Aku selalu membayangkan ada sebuah Negeri Senja tempat langit selalu merah keemas-emasan dan setiap orang di negeri ini lalu lalang dalam siluet. Dalam bayanganku negeri senja itu tak pernah mengalami malam, tak pernah mengalami pagi, dan tak pernah mengalami siang. Senja adalah abadi di negeri senja, matahari selalu dalam keadaan merah membara dan siap terbenam, tapi tak pernah terbenam sehingga seluruh diding gedung, tembok gang, dan kaca-kaca jendela berkilat selalu kemerah-merahan. Orang-orang bisa terus menerus berada di pantai selam-lamanya, dan orang-rang bisa terus menerus minum kopi sambal memandang langit semburat yang keemas-emasan. Kebahagiaan terus menerus bertebaran di Negeri Senja seolah-olah tidak akan pernah berubah lagi… (seorang wanita dengan parfum L’eau D’Issey, 245)
Ia melanjutkan:
Negeri senja adalah sebuah negeri yang sangat indah karena lempengan cahaya emas secara abadi bertempelan di mana-mana. Orang-orang tidak bertengkar, orang-orang tidak saling membenci, orang-orang jatuh cinta setiap hari. Lelaki dan perempuan selalu tampak indah di Negeri Senja yang seperti selalu menawarkan agar setiap orang saling mencintai sampai akhir masa… (seorang wanita dengan parfum L’eau D’Issey, 245)
SGA adalah pengagum senja kelas kakap. Kekagugamannya tentang senja begitu teguh. Ia pencinta senja garis keras. Bayangkan saja ia sampai mengidamkan Negeri Senja. Kalau itu ada, saya mau pindah kewarganegaraan menjadi penduduk Negeri Senja.
Coba saja lihat di Negeri Senja begitu menyenangkan. Orang-orang tidak bertengkar, orang-orang tidak saling membenci, orang-orang jatuh cinta setiap hari. Lelaki dan perempuan selalu tampak indah di Negeri Senja yang seperti selalu menawarkan agar setiap orang saling mencintai sampai akhir masa.
Kalau membaca itu rasanya negeri itu tak mungkin ada. Kalau kita buka media sosial saja kita akan menyaksikan beragam pertengkaran. Entah karena berbeda pilihan politik, pemahaman agama, dan lain-lain. Begitu banyak rasa benci yang menyebar di timeline media sosial kita.
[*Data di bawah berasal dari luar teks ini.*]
(* Let $(P, T, h)$ be an acyclic sensor network and let $P_{\chi}$ be a $\chi$-minimal model of $P$. Let $\widetilde{P}_{\chi} = \{x \in P_{\chi} \mid h(x) \ge 1\}$ with the order induced from $P$. Then \[ \int_{\widetilde{P}_{\chi}} h|_{\widetilde{P}_{\chi}} \, d\chi = \int_{P} h \, d\chi . \]
   Context: For a finite poset $P$, the zeta function is the $P \times P$ matrix with $\zeta(x,y)=1$ if $x \le y$ and $0$ otherwise; it is invertible, and the Euler characteristic is $\chi(P) = \sum_{x,y} \zeta^{-1}(x,y)$ ($\chi(\emptyset)=0$). A filter is an upward-closed subset; $\delta_S$ is the indicator function of $S$. Every $g : P \to \mathbb{Z}$ can be written as $g = \sum_i a_i \delta_{S_i}$ with $a_i \in \mathbb{Z}$ and $S_i$ filters; the Euler calculus is $\int_P g\, d\chi = \sum_i a_i \chi(S_i)$, independent of the representation; for a subposet $S$, $\int_S g|_S\, d\chi$ is computed in the poset $S$. A point $x$ of a finite poset $R$ is a $\chi$-point if $\chi(R_{>x}) = 1$, where $R_{>x} = \{y \in R \mid y > x\}$. A $\chi$-minimal model of $P$ is a subposet obtained from $P$ by repeatedly removing one point that is a $\chi$-point of the current subposet, until no $\chi$-points remain. An acyclic sensor network $(P,T,h)$ consists of a finite poset $P$, a finite set $T$ of targets, which are points of the Hasse diagram of $P$ viewed as a one-dimensional simplicial complex (each target lies at a node or in the interior of an edge), and the counting function $h : P \to \mathbb{Z}_{\ge 0}$, where $h(x)$ is the number of targets lying in the part of the Hasse diagram spanned by the prime ideal $P_{\le x} = \{y \in P \mid y \le x\}$ (i.e. at nodes of $P_{\le x}$ or on edges between nodes of $P_{\le x}$). *)

From HB Require Import structures.
From mathcomp Require Import all_boot all_order all_algebra.
Set Implicit Arguments. Unset Strict Implicit. Unset Printing Implicit Defensive.
Import Order.Theory GRing.Theory.

Local Open Scope ring_scope.

Section Defs.
Variables (d : Order.disp_t) (T : finPOrderType d).

Definition zeta_mx (S : {set T}) : 'M[int]_#|S| :=
  \matrix_(i, j) ((enum_val i <= enum_val j)%O : nat)%:R.

Definition euler_char (S : {set T}) : int :=
  \sum_i \sum_j (invmx (zeta_mx S)) i j.

Definition is_filter (S F : {set T}) : Prop :=
  F \subset S /\ forall x y, x \in F -> y \in S -> (x <= y)%O -> y \in F.

Definition is_euler_integral (S : {set T}) (g : T -> int) (v : int) : Prop :=
  exists r : seq (int * {set T}),
    (forall p, p \in r -> is_filter S p.2) /\
    (forall x, x \in S -> g x = \sum_(p <- r) p.1 * (x \in p.2)%:R) /\
    v = \sum_(p <- r) p.1 * euler_char p.2.

Definition strict_up (R : {set T}) (x : T) : {set T} :=
  [set y in R | (x < y)%O].

Definition chi_point (R : {set T}) (x : T) : Prop :=
  x \in R /\ euler_char (strict_up R x) = 1.

Inductive chi_reduction : {set T} -> {set T} -> Prop :=
| chi_red_refl R : chi_reduction R R
| chi_red_step R x Q : chi_point R x -> chi_reduction (R :\ x) Q ->
    chi_reduction R Q.

Definition chi_minimal_model (Q : {set T}) : Prop :=
  chi_reduction [set: T] Q /\ forall x, ~ chi_point Q x.

Definition covers (x y : T) : bool :=
  (x < y)%O && [forall z : T, ~~ ((x < z)%O && (z < y)%O)].

(* Targets: a finite type Tg with locations; inl x = at node x,
   inr (x, y) = in the interior of the Hasse edge x -< y. *)
Definition target_loc_ok (Tg : finType) (loc : Tg -> T + (T * T)) : Prop :=
  (forall t x y, loc t = inr (x, y) -> covers x y) /\
  (forall t1 t2 x, loc t1 = inl x -> loc t2 = inl x -> t1 = t2).

Definition in_ideal_part (x : T) (l : T + (T * T)) : bool :=
  match l with
  | inl y => (y <= x)%O
  | inr (y, z) => (y <= x)%O && (z <= x)%O
  end.

Definition count_fun (Tg : finType) (loc : Tg -> T + (T * T)) (x : T) : nat :=
  #|[set t : Tg | in_ideal_part x (loc t)]|.

End Defs.

(** The Euler characteristic of a subposet S is the total Möbius weight
    w_S(x) = sum_y zeta^{-1}(x, y), and w_S is the unique function on S whose
    sums over principal filters are all 1.  Uniqueness gives w_F = w_S on every
    filter F of S, and the Euler integral of g over S is sum_x g(x) w_S(x).  A
    chi-point x has w_R(x) = 1 - chi(R_{>x}) = 0, so removing it changes no
    other weight: along a chi-reduction the weights survive on the model and
    vanish on the removed points.  Finally h is monotone, so its support in the
    model is a filter of the model, and both integrals are the same sum. *)

From mathcomp Require Import all_boot all_order all_algebra.
From mathcomp Require Import fingroup perm.
Set Implicit Arguments. Unset Strict Implicit. Unset Printing Implicit Defensive.
Import Order.Theory GRing.Theory.
Local Open Scope ring_scope.

Lemma inflationary_perm_eq1 (d : Order.disp_t) (T : porderType d) n
    (f : 'I_n -> T) (s : 'S_n) :
  injective f -> (forall i, (f i <= f (s i))%O) -> s = 1%g.
Proof.
move=> f_inj f_s; apply/permP => i; rewrite perm1.
have f_iter k : (f i <= f ((s ^+ k)%g i))%O.
  elim: k => [|k IHk]; first by rewrite expg0 perm1.
  by rewrite expgSr permM (le_trans IHk (f_s _)).
(* s^-1 i is an iterate of s, hence f i <= f (s^-1 i) <= f i. *)
set j := (s ^+ #[s]%g.-1)%g i.
have sj : s j = i.
  by rewrite /j -permM -expgSr prednK ?order_gt0 // expg_order perm1.
have ji : j = i by apply: f_inj; apply/le_anti; rewrite f_iter andbT -sj f_s.
by rewrite -{2}sj ji.
Qed.

Section EulerWeight.
Variables (d : Order.disp_t) (T : finPOrderType d).
Implicit Types (S R Q F : {set T}) (g : T -> int) (x y : T).

Lemma det_zeta_mx S : \det (zeta_mx S) = 1.
Proof.
rewrite /determinant (bigD1 1%g) //= [X in _ + X]big1 ?addr0.
  rewrite odd_perm1 expr0 mul1r big1 // => i _.
  by rewrite perm1 !mxE lexx.
move=> s s_neq1.
have : ~~ [forall i, (enum_val i <= enum_val (s i))%O].
  apply: contra s_neq1 => /forallP s_infl.
  by rewrite (inflationary_perm_eq1 (@enum_val_inj _ _) s_infl).
rewrite negb_forall => /existsP [i Hi].
by rewrite (bigD1 i) //= mxE (negbTE Hi) mul0r mulr0.
Qed.

Lemma zeta_mx_unit S : zeta_mx S \in unitmx.
Proof. by rewrite unitmxE det_zeta_mx unitr1. Qed.

(* The index set of [zeta_mx S] is [enum S]; the weight is 0 outside [S]. *)
Definition euler_weight S x : int :=
  \sum_(i < #|S| | enum_val i == x) \sum_j invmx (zeta_mx S) i j.

Lemma euler_weight_enum_val S (i : 'I_#|S|) :
  euler_weight S (enum_val i) = \sum_j invmx (zeta_mx S) i j.
Proof.
rewrite /euler_weight (big_pred1 i) // => k /=.
by apply/eqP/eqP => [/enum_val_inj|->].
Qed.

Lemma sum_euler_weight S g :
  \sum_(x in S) g x * euler_weight S x =
  \sum_i g (enum_val i) * \sum_j invmx (zeta_mx S) i j.
Proof. by rewrite big_enum_val; apply: eq_bigr => i _; rewrite euler_weight_enum_val. Qed.

Lemma euler_charE S : euler_char S = \sum_(x in S) euler_weight S x.
Proof.
have := sum_euler_weight S (fun=> 1); under eq_bigr do rewrite mul1r.
by move=> ->; apply: eq_bigr => i _; rewrite mul1r.
Qed.

Lemma sum_up_euler_weight S x :
  x \in S -> \sum_(k in S | (x <= k)%O) euler_weight S k = 1.
Proof.
move=> xS; set a := enum_rank_in xS x.
have a_x : enum_val a = x by rewrite /a enum_rankK_in.
have row_a1 : \sum_c (1%:M : 'M[int]_#|S|) a c = 1.
  rewrite (bigD1 a) //= mxE eqxx big1 ?addr0 // => c ca.
  by rewrite mxE eq_sym (negbTE ca).
have := congr1 (fun M : 'M[int]_#|S| => \sum_c M a c) (mulmxV (zeta_mx_unit S)).
rewrite /= row_a1 => <-; rewrite big_mkcondr /=.
transitivity (\sum_(k in S) ((x <= k)%O : nat)%:R * euler_weight S k).
  by apply: eq_bigr => k _; case: (x <= k)%O; rewrite ?mul1r ?mul0r.
rewrite sum_euler_weight; under [RHS]eq_bigr do rewrite mxE.
rewrite [RHS]exchange_big /=; apply: eq_bigr => b _.
by rewrite mulr_sumr; apply: eq_bigr => c _; rewrite !mxE a_x.
Qed.

Lemma card_strict_up_lt S x k :
  k \in S -> (x < k)%O -> (#|strict_up S k| < #|strict_up S x|)%N.
Proof.
move=> kS xk; apply/proper_card/properP; split.
  by apply/subsetP => z; rewrite !inE => /andP[-> /(lt_trans xk)].
by exists k; rewrite !inE ?kS ?xk ?ltxx.
Qed.

Lemma up_sums_eq0 S (u : T -> int) :
  (forall x, x \in S -> \sum_(k in S | (x <= k)%O) u k = 0) ->
  {in S, forall x, u x = 0}.
Proof.
move=> u_up x; have [n] := ubnP #|strict_up S x|.
elim: n x => // n IHn x up_x xS; have := u_up x xS.
rewrite (bigD1 x) /= ?xS ?lexx // big1 ?addr0 // => k /andP[/andP[kS xk] kx].
apply: IHn (kS); rewrite -ltnS; apply: (leq_trans _ up_x); rewrite ltnS.
by apply: card_strict_up_lt => //; rewrite lt_def kx.
Qed.

Lemma euler_weight_unique S (u : T -> int) :
  (forall x, x \in S -> \sum_(k in S | (x <= k)%O) u k = 1) ->
  {in S, forall x, u x = euler_weight S x}.
Proof.
move=> u_up x xS; apply/eqP; rewrite -subr_eq0; apply/eqP; move: x xS.
apply: (up_sums_eq0 (u := fun k => u k - euler_weight S k)) => x xS.
by rewrite sumrB u_up // sum_up_euler_weight ?subrr.
Qed.

Lemma euler_weight_sub S Q : Q \subset S ->
  (forall x, x \in Q -> \sum_(k in S | (x <= k)%O) euler_weight S k =
                        \sum_(k in Q | (x <= k)%O) euler_weight S k) ->
  {in Q, forall x, euler_weight S x = euler_weight Q x}.
Proof.
move=> QS up_eq; apply: euler_weight_unique => x xQ.
by rewrite -up_eq // sum_up_euler_weight // (subsetP QS).
Qed.

Lemma euler_weight_filter S F :
  is_filter S F -> {in F, forall x, euler_weight F x = euler_weight S x}.
Proof.
move=> [FS F_up] x xF; apply/esym; move: x xF.
apply: euler_weight_sub => // x xF; apply: eq_bigl => k.
case kF: (k \in F); first by rewrite (subsetP FS).
by case kS: (k \in S) => //=; apply/negbTE; apply: contraFN kF; exact: F_up.
Qed.

Lemma strict_up_filter R x : is_filter R (strict_up R x).
Proof.
split; first by apply/subsetP => y; rewrite inE => /andP[].
by move=> y z; rewrite !inE => /andP[_ xy] -> yz; exact: lt_le_trans xy yz.
Qed.

Lemma up_filter R x : is_filter R [set y in R | (x <= y)%O].
Proof.
split; first by apply/subsetP => y; rewrite inE => /andP[].
by move=> y z; rewrite !inE => /andP[_ xy] -> yz; exact: le_trans xy yz.
Qed.

Lemma euler_weight_chi_point R x : chi_point R x -> euler_weight R x = 0.
Proof.
move=> [xR chi_up]; have := sum_up_euler_weight xR.
rewrite (bigD1 x) /= ?xR ?lexx //.
suff -> : \sum_(k | (k \in R) && (x <= k)%O && (k != x)) euler_weight R k = 1.
  by move/(congr1 (fun z => z - 1)); rewrite addrK subrr.
rewrite -chi_up euler_charE; apply: esym; apply: eq_big => [k|k kx].
  by rewrite inE lt_def; case: (k \in R); case: (k != x); case: (x <= k)%O.
exact: (euler_weight_filter (strict_up_filter R x) kx).
Qed.

Lemma euler_weight_setD1 R x : chi_point R x ->
  {in R :\ x, forall y, euler_weight R y = euler_weight (R :\ x) y}.
Proof.
move=> x_chi; apply: euler_weight_sub; first exact: subD1set.
move=> y _; rewrite (bigID (fun k => k == x)) /= big1 ?add0r.
  by apply: eq_bigl => k; rewrite !inE andbC andbA.
by move=> k /andP[_ /eqP ->]; exact: euler_weight_chi_point.
Qed.

Lemma chi_reduction_euler_weight R Q : chi_reduction R Q ->
  [/\ Q \subset R, {in Q, forall y, euler_weight R y = euler_weight Q y} &
      {in R :\: Q, forall y, euler_weight R y = 0}].
Proof.
elim=> [{}R|{}R x {}Q x_chi _ [QR weightQ weight0]].
  by split=> // y; rewrite setDv inE.
have xR := x_chi.1; split.
- exact: subset_trans QR (subD1set R x).
- by move=> y yQ; rewrite -weightQ // (euler_weight_setD1 x_chi) // (subsetP QR).
- move=> y; rewrite inE => /andP[yQ yR].
  have [->|yx] := eqVneq y x; first exact: euler_weight_chi_point.
  by rewrite (euler_weight_setD1 x_chi) ?weight0 // !inE ?yQ yx.
Qed.

Definition euler_integral S g : int := \sum_(x in S) g x * euler_weight S x.

Lemma euler_char_filter S F : is_filter S F ->
  euler_char F = \sum_(x in S) (x \in F)%:R * euler_weight S x.
Proof.
move=> F_filter; have FS := F_filter.1.
rewrite euler_charE [RHS](big_setID F) /= (setIidPr FS) [X in _ + X]big1 ?addr0.
  by apply: eq_bigr => x xF; rewrite xF mul1r (euler_weight_filter F_filter).
by move=> x; rewrite inE => /andP[/negbTE -> _]; rewrite mul0r.
Qed.

Lemma is_euler_integralE S g v : is_euler_integral S g v -> v = euler_integral S g.
Proof.
move=> [r [r_filter [g_r ->]]]; rewrite /euler_integral.
under [RHS]eq_bigr => x xS do rewrite g_r // mulr_suml.
rewrite [RHS]exchange_big /= big_seq [RHS]big_seq; apply: eq_bigr => p pr.
rewrite (euler_char_filter (r_filter p pr)) mulr_sumr.
by apply: eq_bigr => x _; rewrite mulrA.
Qed.

(* On S, g = sum_x g(x) (delta_{S_{>=x}} - delta_{S_{>x}}). *)
Lemma is_euler_integral_exists S g : exists v, is_euler_integral S g v.
Proof.
set r := [seq (g x, [set y in S | (x <= y)%O]) | x <- enum S] ++
         [seq (- g x, strict_up S x) | x <- enum S].
exists (\sum_(p <- r) p.1 * euler_char p.2), r; split; last split => //.
  move=> p; rewrite mem_cat => /orP[] /mapP [x _ ->].
    exact: up_filter.
  exact: strict_up_filter.
move=> y yS; rewrite big_cat !big_map !big_enum /= -big_split /=.
rewrite (bigD1 y) //= big1.
  by rewrite !inE yS lexx ltxx mulr1 mulr0 !addr0.
move=> x /andP[_ xy]; rewrite !inE yS /= lt_def eq_sym (negbTE xy) /=.
by rewrite mulNr addrN.
Qed.

Lemma is_euler_integralP S g v :
  is_euler_integral S g v <-> v = euler_integral S g.
Proof.
split; first exact: is_euler_integralE.
have [w w_int] := is_euler_integral_exists S g.
by move=> ->; rewrite -(is_euler_integralE w_int).
Qed.

Lemma euler_integral_chi_reduction R Q g :
  chi_reduction R Q -> euler_integral Q g = euler_integral R g.
Proof.
case/chi_reduction_euler_weight => QR weightQ weight0.
rewrite /euler_integral [RHS](big_setID Q) /= (setIidPr QR) [X in _ + X]big1 ?addr0.
  by apply: eq_bigr => x xQ; rewrite weightQ.
by move=> x xRQ; rewrite weight0 ?mulr0.
Qed.

Lemma euler_integral_filter_support S F g : is_filter S F ->
  {in S :\: F, forall x, g x = 0} -> euler_integral F g = euler_integral S g.
Proof.
move=> F_filter g0; have FS := F_filter.1.
rewrite /euler_integral [RHS](big_setID F) /= (setIidPr FS) [X in _ + X]big1 ?addr0.
  by apply: eq_bigr => x xF; rewrite (euler_weight_filter F_filter).
by move=> x xSF; rewrite g0 ?mul0r.
Qed.

End EulerWeight.

Lemma count_fun_monotone (d : Order.disp_t) (T : finPOrderType d)
    (Tg : finType) (loc : Tg -> T + (T * T)) (x y : T) :
  (x <= y)%O -> (count_fun loc x <= count_fun loc y)%N.
Proof.
move=> xy; apply/subset_leq_card/subsetP => t; rewrite !inE.
case: (loc t) => [z|[z w]] /=; first by move/le_trans; apply.
by case/andP => zx wx; rewrite (le_trans zx xy) (le_trans wx xy).
Qed.

Theorem theorem4p11 (d : Order.disp_t) (T : finPOrderType d)
  (Tg : finType) (loc : Tg -> T + (T * T))
  (Pchi : {set T}) :
  target_loc_ok loc ->
  chi_minimal_model Pchi ->
  let h : T -> int := fun x => Posz (count_fun loc x) in
  let Ptilde : {set T} := [set x in Pchi | (1 <= count_fun loc x)%N] in
  (exists v, is_euler_integral Ptilde h v /\ is_euler_integral [set: T] h v) /\
  (forall v1 v2, is_euler_integral Ptilde h v1 ->
                 is_euler_integral [set: T] h v2 -> v1 = v2).
Proof.
(* Only the monotonicity of h matters; the target locations need not be valid. *)
move=> _ [reduction _] h Ptilde.
have Ptilde_filter : is_filter Pchi Ptilde.
  split; first by apply/subsetP => x; rewrite inE => /andP[].
  move=> x y; rewrite !inE => /andP[_ hx] -> xy.
  exact: leq_trans hx (count_fun_monotone loc xy).
have h_support : {in Pchi :\: Ptilde, forall x, h x = 0}.
  by move=> x; rewrite !inE => /andP[+ xP]; rewrite xP /h; case: count_fun.
have integral_eq : euler_integral Ptilde h = euler_integral [set: T] h.
  by rewrite (euler_integral_filter_support Ptilde_filter h_support)
             (euler_integral_chi_reduction _ reduction).
split; last by move=> v1 v2 /is_euler_integralP -> /is_euler_integralP ->.
by exists (euler_integral Ptilde h); split; apply/is_euler_integralP; rewrite ?integral_eq.
Qed.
Jika menonton tivi pun demikian. Beruntung masih ada beberapa stasiun televisi yang ‘sepertinya’—sepertinya lho tak ikut-ikutan dan memilih menyiarkan tayangan lain di luar berita politik. Masih ada yang menghibur.
Sinetron-sinetron India yang ditayangkan salah satu tv secara istiqomah misalnya. Yang saya heran, kenapa setiap ada pertengkaran, maka zoom in tokohnya sedemikian lebay. Hehe. Laku? Jelas. Coba saja seharian menonton chanel tivi tersebut. Akan hadir sinetron India dengan beragam judul.
Ada lagi tv yang konsisten menyiarkan lagu-lagu kenangan, dangdut pantura dsb. Yang saya juga heran, lagunya sebentar, komentarnya bisa satu jam sendiri. Laku. Luar biasa laku. Saya tak memungkiri saya pun terhibur. Dibanding nonton dagelan politik. Saya lebih terhibur nonton jenis hiburan ini.
Balik lagi ke senja. Di Jakarta rasanya tak semua orang menikmati senja dengan khusu. Karena kita harus berlari. Ya minimal mengejar transportasi publik. Tak ada waktu lagi menikmati indahnya senja sambal ngopi-ngopi seperti yang dibilang oleh SGA tersebut.
Kalau kata Joko Pinurbo,
setelah punya rumah, apa cita-citamu?Â
kecil saja: ingin sampai rumah saat senja
supaya saya dan senja sempat minum teh bersama di depan jendela.